Dataset records
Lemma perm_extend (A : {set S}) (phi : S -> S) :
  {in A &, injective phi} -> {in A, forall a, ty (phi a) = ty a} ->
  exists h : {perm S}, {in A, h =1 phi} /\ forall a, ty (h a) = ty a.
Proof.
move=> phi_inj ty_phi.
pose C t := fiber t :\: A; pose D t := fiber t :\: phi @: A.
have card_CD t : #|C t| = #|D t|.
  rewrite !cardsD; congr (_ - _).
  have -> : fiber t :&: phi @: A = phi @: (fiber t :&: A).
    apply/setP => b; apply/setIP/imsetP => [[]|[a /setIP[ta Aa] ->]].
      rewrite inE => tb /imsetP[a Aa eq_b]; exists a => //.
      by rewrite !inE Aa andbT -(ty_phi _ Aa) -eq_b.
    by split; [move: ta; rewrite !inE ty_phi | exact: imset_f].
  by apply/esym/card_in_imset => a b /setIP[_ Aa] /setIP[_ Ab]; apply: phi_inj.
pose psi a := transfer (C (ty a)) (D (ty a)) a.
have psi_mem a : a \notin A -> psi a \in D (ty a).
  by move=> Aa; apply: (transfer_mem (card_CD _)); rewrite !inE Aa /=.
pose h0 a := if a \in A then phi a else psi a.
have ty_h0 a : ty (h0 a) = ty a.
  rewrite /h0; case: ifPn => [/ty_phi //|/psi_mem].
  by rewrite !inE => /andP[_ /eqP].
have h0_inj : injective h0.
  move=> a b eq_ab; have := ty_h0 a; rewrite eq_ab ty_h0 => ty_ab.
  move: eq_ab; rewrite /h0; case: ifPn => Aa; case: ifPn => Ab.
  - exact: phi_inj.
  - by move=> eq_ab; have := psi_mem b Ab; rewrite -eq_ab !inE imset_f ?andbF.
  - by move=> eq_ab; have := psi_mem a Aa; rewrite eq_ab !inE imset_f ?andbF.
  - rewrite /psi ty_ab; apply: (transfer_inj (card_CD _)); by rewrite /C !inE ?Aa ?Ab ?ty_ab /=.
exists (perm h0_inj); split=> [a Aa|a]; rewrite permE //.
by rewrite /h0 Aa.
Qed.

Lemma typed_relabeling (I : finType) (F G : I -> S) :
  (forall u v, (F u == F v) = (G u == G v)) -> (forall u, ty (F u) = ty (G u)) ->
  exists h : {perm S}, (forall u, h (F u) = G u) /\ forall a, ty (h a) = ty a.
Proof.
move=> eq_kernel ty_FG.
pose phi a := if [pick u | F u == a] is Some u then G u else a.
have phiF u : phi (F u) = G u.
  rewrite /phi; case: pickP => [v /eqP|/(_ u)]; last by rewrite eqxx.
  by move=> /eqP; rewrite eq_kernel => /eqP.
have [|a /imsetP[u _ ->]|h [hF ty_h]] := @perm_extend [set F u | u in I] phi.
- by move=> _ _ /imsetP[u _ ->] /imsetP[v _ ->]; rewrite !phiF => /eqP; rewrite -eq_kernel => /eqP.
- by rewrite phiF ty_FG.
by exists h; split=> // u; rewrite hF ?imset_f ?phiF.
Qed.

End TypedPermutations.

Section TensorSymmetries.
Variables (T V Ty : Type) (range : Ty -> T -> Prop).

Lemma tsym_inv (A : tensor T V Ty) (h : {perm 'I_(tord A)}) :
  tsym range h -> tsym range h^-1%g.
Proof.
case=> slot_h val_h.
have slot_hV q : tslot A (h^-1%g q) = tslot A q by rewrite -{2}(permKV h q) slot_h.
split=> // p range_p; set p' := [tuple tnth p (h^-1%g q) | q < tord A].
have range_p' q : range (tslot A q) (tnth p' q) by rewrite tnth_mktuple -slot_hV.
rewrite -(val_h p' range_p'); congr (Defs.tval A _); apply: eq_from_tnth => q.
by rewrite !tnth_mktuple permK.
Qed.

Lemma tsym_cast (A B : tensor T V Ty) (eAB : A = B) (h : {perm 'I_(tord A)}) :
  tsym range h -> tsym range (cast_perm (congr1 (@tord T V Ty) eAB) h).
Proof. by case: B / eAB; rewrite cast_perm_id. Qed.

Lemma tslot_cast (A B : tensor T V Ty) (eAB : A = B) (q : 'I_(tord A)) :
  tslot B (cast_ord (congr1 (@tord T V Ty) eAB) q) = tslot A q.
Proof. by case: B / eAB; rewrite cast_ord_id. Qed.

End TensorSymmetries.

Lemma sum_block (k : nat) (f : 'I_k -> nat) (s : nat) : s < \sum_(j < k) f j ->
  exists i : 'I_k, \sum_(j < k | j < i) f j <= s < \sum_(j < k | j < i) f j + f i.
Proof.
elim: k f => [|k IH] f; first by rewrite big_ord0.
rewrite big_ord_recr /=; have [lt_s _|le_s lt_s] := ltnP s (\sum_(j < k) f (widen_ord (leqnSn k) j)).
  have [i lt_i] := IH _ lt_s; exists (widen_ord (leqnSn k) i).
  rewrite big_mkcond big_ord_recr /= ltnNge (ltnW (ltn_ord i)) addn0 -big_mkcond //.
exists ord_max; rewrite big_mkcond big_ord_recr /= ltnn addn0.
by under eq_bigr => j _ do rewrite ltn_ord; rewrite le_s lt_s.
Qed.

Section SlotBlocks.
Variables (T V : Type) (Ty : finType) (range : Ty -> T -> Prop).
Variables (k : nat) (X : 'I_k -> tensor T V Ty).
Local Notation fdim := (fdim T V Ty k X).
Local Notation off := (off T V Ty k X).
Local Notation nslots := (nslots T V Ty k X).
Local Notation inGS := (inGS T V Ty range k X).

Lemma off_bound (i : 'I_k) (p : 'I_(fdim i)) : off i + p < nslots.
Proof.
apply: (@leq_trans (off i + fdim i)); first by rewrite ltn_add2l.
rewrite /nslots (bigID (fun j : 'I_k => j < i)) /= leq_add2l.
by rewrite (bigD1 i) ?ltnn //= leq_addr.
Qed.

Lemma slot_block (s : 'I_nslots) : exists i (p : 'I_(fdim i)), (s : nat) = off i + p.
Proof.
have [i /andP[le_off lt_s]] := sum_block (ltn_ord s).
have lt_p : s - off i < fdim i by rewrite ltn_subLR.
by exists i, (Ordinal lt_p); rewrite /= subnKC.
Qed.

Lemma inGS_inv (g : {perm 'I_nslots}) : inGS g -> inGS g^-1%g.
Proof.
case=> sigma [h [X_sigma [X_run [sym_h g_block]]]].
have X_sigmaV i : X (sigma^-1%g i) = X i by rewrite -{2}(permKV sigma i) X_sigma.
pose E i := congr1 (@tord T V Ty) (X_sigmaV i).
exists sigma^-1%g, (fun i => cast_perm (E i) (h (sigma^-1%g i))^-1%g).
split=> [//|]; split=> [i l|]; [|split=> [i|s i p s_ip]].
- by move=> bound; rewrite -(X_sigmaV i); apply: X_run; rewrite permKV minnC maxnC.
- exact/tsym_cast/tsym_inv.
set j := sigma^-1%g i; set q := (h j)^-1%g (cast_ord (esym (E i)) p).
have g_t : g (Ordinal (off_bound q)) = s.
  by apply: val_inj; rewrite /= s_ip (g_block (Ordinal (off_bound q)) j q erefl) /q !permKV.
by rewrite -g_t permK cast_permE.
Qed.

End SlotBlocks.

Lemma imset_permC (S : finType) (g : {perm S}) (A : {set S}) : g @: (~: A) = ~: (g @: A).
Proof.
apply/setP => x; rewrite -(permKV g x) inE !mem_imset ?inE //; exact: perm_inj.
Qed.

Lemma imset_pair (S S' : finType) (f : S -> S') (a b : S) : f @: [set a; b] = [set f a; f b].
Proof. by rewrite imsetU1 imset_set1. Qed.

---

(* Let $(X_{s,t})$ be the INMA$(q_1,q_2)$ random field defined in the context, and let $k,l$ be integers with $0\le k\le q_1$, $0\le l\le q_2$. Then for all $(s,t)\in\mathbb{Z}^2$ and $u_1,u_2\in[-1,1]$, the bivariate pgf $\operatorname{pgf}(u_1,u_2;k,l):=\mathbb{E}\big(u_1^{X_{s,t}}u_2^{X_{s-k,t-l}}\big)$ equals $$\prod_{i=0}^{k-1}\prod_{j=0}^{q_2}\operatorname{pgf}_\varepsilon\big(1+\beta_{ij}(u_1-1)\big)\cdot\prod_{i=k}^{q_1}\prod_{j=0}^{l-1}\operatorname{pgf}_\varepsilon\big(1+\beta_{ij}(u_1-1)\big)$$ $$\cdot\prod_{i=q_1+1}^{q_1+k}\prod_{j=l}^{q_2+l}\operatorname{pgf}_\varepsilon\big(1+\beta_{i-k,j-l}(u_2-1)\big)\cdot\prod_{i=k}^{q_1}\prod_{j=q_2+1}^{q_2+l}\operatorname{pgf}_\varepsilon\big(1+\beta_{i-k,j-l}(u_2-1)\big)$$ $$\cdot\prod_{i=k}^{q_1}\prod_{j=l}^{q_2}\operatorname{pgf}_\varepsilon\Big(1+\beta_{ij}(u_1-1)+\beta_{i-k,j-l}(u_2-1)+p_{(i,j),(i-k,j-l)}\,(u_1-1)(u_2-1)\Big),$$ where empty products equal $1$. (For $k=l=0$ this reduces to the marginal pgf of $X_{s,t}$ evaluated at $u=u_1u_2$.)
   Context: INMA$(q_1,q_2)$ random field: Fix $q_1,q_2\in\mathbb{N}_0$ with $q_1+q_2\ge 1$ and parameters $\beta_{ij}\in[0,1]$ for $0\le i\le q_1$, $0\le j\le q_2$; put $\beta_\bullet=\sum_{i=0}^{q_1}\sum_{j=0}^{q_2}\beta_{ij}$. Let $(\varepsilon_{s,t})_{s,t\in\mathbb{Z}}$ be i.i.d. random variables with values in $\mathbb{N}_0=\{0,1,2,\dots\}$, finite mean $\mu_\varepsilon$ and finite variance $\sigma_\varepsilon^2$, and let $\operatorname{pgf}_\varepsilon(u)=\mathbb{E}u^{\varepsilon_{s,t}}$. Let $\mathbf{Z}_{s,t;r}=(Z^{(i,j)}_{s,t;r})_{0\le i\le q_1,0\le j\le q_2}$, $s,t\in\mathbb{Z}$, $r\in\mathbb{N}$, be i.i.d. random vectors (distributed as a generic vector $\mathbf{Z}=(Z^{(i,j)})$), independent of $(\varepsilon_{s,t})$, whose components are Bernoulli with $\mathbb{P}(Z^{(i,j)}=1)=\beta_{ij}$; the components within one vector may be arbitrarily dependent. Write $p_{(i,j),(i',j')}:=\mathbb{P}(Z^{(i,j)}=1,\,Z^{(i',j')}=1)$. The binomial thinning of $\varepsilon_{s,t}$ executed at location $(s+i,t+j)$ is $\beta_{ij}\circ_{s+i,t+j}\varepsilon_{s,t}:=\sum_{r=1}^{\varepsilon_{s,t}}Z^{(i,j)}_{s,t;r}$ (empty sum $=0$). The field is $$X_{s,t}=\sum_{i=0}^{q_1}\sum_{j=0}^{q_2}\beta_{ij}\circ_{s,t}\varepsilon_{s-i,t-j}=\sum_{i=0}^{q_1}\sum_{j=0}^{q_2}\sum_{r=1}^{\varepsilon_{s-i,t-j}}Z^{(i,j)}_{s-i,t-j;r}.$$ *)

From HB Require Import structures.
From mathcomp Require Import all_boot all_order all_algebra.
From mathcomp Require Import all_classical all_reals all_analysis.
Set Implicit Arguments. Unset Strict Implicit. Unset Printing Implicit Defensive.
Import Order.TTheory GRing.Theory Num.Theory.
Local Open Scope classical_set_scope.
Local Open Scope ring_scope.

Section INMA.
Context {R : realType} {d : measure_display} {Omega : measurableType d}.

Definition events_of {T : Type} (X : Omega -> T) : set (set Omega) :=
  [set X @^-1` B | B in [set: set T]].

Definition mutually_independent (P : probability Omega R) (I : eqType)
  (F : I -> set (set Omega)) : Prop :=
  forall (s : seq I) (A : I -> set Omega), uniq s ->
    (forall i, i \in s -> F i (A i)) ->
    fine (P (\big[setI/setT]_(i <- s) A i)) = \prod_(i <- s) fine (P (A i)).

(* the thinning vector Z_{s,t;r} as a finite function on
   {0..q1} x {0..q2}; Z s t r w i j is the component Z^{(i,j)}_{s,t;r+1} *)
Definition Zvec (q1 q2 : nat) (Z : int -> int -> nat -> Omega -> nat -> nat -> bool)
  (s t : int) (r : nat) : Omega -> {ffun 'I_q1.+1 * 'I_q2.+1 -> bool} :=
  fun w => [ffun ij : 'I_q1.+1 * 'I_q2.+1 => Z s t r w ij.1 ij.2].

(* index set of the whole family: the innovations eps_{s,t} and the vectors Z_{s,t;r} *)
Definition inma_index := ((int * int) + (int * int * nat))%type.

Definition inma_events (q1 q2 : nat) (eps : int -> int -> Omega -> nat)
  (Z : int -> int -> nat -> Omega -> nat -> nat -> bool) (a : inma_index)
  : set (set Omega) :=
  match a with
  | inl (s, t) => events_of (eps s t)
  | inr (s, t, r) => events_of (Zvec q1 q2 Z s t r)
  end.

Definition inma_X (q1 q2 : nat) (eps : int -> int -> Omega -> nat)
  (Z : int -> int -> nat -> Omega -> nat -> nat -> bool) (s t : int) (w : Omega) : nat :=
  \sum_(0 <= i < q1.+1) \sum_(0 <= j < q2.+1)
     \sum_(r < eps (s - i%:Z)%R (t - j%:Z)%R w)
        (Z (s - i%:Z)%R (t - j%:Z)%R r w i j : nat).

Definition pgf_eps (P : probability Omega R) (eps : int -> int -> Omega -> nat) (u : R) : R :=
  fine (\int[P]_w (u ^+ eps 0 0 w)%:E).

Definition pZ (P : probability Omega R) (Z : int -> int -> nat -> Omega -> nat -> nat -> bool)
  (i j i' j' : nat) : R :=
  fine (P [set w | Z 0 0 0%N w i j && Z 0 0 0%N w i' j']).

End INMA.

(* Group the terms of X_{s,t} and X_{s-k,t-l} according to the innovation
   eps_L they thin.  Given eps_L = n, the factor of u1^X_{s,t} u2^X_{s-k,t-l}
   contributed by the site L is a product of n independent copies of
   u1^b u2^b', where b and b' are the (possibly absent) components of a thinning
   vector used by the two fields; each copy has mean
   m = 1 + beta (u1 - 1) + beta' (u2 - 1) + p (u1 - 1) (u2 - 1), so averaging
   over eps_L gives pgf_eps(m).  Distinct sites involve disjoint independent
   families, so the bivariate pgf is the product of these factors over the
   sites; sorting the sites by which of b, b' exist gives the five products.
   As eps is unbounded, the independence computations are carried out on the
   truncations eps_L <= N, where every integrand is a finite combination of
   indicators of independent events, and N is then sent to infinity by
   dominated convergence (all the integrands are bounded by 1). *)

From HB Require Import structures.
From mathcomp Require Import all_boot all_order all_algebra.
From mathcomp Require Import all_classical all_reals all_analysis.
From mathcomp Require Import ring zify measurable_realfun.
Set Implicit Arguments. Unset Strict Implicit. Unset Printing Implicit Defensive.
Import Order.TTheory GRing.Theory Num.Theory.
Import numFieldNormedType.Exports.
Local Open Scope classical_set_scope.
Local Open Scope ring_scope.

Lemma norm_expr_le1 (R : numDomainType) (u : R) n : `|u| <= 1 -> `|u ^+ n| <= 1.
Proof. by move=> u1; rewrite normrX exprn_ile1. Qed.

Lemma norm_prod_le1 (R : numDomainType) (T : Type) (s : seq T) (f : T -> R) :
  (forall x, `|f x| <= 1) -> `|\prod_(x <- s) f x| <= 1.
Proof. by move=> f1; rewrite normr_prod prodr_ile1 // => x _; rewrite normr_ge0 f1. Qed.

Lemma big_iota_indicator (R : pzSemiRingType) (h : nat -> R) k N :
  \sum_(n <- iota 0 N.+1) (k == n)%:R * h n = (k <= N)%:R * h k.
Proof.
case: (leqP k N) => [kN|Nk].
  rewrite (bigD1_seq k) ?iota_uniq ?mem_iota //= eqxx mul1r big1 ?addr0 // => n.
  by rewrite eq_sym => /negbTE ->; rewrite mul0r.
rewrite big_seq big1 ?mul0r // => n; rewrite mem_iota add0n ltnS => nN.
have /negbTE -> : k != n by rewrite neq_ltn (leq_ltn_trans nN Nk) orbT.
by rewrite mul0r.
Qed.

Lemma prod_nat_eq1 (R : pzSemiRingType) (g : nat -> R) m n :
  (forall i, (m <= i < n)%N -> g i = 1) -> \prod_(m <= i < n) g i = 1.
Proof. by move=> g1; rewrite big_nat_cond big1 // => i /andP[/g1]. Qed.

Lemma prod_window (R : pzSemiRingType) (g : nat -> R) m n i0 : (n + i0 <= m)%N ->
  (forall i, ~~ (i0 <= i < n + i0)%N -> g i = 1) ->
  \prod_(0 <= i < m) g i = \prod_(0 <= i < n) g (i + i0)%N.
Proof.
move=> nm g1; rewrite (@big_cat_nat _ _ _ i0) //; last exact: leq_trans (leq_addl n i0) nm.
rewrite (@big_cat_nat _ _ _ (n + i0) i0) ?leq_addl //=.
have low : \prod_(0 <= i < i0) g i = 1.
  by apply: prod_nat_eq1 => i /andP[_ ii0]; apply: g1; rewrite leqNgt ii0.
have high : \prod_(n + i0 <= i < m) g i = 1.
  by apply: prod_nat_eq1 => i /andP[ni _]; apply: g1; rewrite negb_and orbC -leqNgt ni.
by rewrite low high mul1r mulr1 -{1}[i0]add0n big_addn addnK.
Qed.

* * *

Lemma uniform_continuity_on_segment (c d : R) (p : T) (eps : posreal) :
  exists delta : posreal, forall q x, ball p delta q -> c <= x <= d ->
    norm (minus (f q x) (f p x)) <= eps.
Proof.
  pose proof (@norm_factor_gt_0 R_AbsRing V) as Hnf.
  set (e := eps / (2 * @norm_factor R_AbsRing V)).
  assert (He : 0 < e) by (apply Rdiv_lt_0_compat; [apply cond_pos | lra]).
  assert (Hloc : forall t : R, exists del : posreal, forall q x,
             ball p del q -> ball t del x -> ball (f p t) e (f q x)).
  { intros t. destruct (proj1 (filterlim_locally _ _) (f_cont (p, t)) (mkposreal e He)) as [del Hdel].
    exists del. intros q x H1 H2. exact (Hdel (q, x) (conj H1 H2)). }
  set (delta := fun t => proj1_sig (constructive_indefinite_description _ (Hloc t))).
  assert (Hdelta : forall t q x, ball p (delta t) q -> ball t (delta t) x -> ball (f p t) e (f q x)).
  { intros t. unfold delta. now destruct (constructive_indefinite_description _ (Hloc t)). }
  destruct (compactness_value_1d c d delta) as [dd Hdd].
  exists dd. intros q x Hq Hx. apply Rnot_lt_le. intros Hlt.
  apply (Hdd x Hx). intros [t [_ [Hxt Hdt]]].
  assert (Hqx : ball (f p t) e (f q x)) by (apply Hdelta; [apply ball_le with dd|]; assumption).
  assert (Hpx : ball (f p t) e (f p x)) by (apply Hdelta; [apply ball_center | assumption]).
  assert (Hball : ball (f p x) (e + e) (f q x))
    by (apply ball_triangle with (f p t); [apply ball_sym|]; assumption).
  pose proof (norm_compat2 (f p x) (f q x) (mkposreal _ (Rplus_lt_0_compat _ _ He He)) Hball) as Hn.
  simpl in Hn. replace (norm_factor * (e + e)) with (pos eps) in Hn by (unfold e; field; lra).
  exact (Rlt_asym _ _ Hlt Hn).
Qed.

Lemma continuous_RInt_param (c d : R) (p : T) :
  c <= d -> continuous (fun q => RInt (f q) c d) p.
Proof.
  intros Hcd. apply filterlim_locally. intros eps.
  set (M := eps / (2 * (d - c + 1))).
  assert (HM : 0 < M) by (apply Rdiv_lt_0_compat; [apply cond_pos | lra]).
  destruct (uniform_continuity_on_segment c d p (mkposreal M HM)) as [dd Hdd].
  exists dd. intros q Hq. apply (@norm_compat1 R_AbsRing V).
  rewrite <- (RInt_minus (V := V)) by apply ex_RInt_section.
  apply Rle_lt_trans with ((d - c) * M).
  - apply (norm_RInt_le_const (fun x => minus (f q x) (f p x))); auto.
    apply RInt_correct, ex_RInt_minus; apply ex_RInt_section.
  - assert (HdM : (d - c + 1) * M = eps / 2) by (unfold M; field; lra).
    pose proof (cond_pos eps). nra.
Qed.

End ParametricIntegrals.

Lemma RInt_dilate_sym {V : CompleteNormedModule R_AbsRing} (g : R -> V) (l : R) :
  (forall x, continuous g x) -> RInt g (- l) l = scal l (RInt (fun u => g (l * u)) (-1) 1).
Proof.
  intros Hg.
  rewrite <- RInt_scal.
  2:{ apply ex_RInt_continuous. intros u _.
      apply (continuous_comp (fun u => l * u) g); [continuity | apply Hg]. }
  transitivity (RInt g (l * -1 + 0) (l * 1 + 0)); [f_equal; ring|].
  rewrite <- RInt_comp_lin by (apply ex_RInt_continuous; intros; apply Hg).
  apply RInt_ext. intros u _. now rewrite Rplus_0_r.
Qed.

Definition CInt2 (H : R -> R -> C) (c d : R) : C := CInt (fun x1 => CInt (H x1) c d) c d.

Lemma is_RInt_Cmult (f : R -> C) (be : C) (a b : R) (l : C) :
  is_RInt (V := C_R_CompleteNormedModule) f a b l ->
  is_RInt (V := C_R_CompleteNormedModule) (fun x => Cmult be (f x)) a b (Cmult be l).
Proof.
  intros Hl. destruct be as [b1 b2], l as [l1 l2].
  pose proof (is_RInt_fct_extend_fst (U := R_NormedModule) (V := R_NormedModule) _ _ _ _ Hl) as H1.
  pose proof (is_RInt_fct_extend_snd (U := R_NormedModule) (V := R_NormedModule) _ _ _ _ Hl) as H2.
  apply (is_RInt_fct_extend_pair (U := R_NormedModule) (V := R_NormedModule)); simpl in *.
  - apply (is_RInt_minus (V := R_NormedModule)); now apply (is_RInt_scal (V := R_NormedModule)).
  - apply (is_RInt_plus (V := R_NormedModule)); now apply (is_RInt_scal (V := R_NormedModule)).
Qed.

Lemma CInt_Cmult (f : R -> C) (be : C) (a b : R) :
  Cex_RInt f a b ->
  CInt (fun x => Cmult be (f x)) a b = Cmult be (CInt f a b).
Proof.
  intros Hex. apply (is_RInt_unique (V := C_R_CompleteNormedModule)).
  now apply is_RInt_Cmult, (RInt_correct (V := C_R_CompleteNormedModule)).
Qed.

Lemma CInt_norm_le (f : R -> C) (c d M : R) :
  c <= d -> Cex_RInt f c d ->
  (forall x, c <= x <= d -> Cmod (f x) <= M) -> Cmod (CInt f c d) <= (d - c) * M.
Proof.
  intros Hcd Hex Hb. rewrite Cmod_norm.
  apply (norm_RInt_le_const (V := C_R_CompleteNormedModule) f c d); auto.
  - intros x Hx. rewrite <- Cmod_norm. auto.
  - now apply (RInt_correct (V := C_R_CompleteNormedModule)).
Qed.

## Problem to work on
From the records above, copy only the lines starting with the line that holds "Lemma perm_extend (A" and going on through the line that holds "rewrite /phi; case: pickP", exactly as written.

## Task output
Lemma perm_extend (A : {set S}) (phi : S -> S) :
  {in A &, injective phi} -> {in A, forall a, ty (phi a) = ty a} ->
  exists h : {perm S}, {in A, h =1 phi} /\ forall a, ty (h a) = ty a.
Proof.
move=> phi_inj ty_phi.
pose C t := fiber t :\: A; pose D t := fiber t :\: phi @: A.
have card_CD t : #|C t| = #|D t|.
  rewrite !cardsD; congr (_ - _).
  have -> : fiber t :&: phi @: A = phi @: (fiber t :&: A).
    apply/setP => b; apply/setIP/imsetP => [[]|[a /setIP[ta Aa] ->]].
      rewrite inE => tb /imsetP[a Aa eq_b]; exists a => //.
      by rewrite !inE Aa andbT -(ty_phi _ Aa) -eq_b.
    by split; [move: ta; rewrite !inE ty_phi | exact: imset_f].
  by apply/esym/card_in_imset => a b /setIP[_ Aa] /setIP[_ Ab]; apply: phi_inj.
pose psi a := transfer (C (ty a)) (D (ty a)) a.
have psi_mem a : a \notin A -> psi a \in D (ty a).
  by move=> Aa; apply: (transfer_mem (card_CD _)); rewrite !inE Aa /=.
pose h0 a := if a \in A then phi a else psi a.
have ty_h0 a : ty (h0 a) = ty a.
  rewrite /h0; case: ifPn => [/ty_phi //|/psi_mem].
  by rewrite !inE => /andP[_ /eqP].
have h0_inj : injective h0.
  move=> a b eq_ab; have := ty_h0 a; rewrite eq_ab ty_h0 => ty_ab.
  move: eq_ab; rewrite /h0; case: ifPn => Aa; case: ifPn => Ab.
  - exact: phi_inj.
  - by move=> eq_ab; have := psi_mem b Ab; rewrite -eq_ab !inE imset_f ?andbF.
  - by move=> eq_ab; have := psi_mem a Aa; rewrite eq_ab !inE imset_f ?andbF.
  - rewrite /psi ty_ab; apply: (transfer_inj (card_CD _)); by rewrite /C !inE ?Aa ?Ab ?ty_ab /=.
exists (perm h0_inj); split=> [a Aa|a]; rewrite permE //.
by rewrite /h0 Aa.
Qed.

Lemma typed_relabeling (I : finType) (F G : I -> S) :
  (forall u v, (F u == F v) = (G u == G v)) -> (forall u, ty (F u) = ty (G u)) ->
  exists h : {perm S}, (forall u, h (F u) = G u) /\ forall a, ty (h a) = ty a.
Proof.
move=> eq_kernel ty_FG.
pose phi a := if [pick u | F u == a] is Some u then G u else a.
have phiF u : phi (F u) = G u.
  rewrite /phi; case: pickP => [v /eqP|/(_ u)]; last by rewrite eqxx.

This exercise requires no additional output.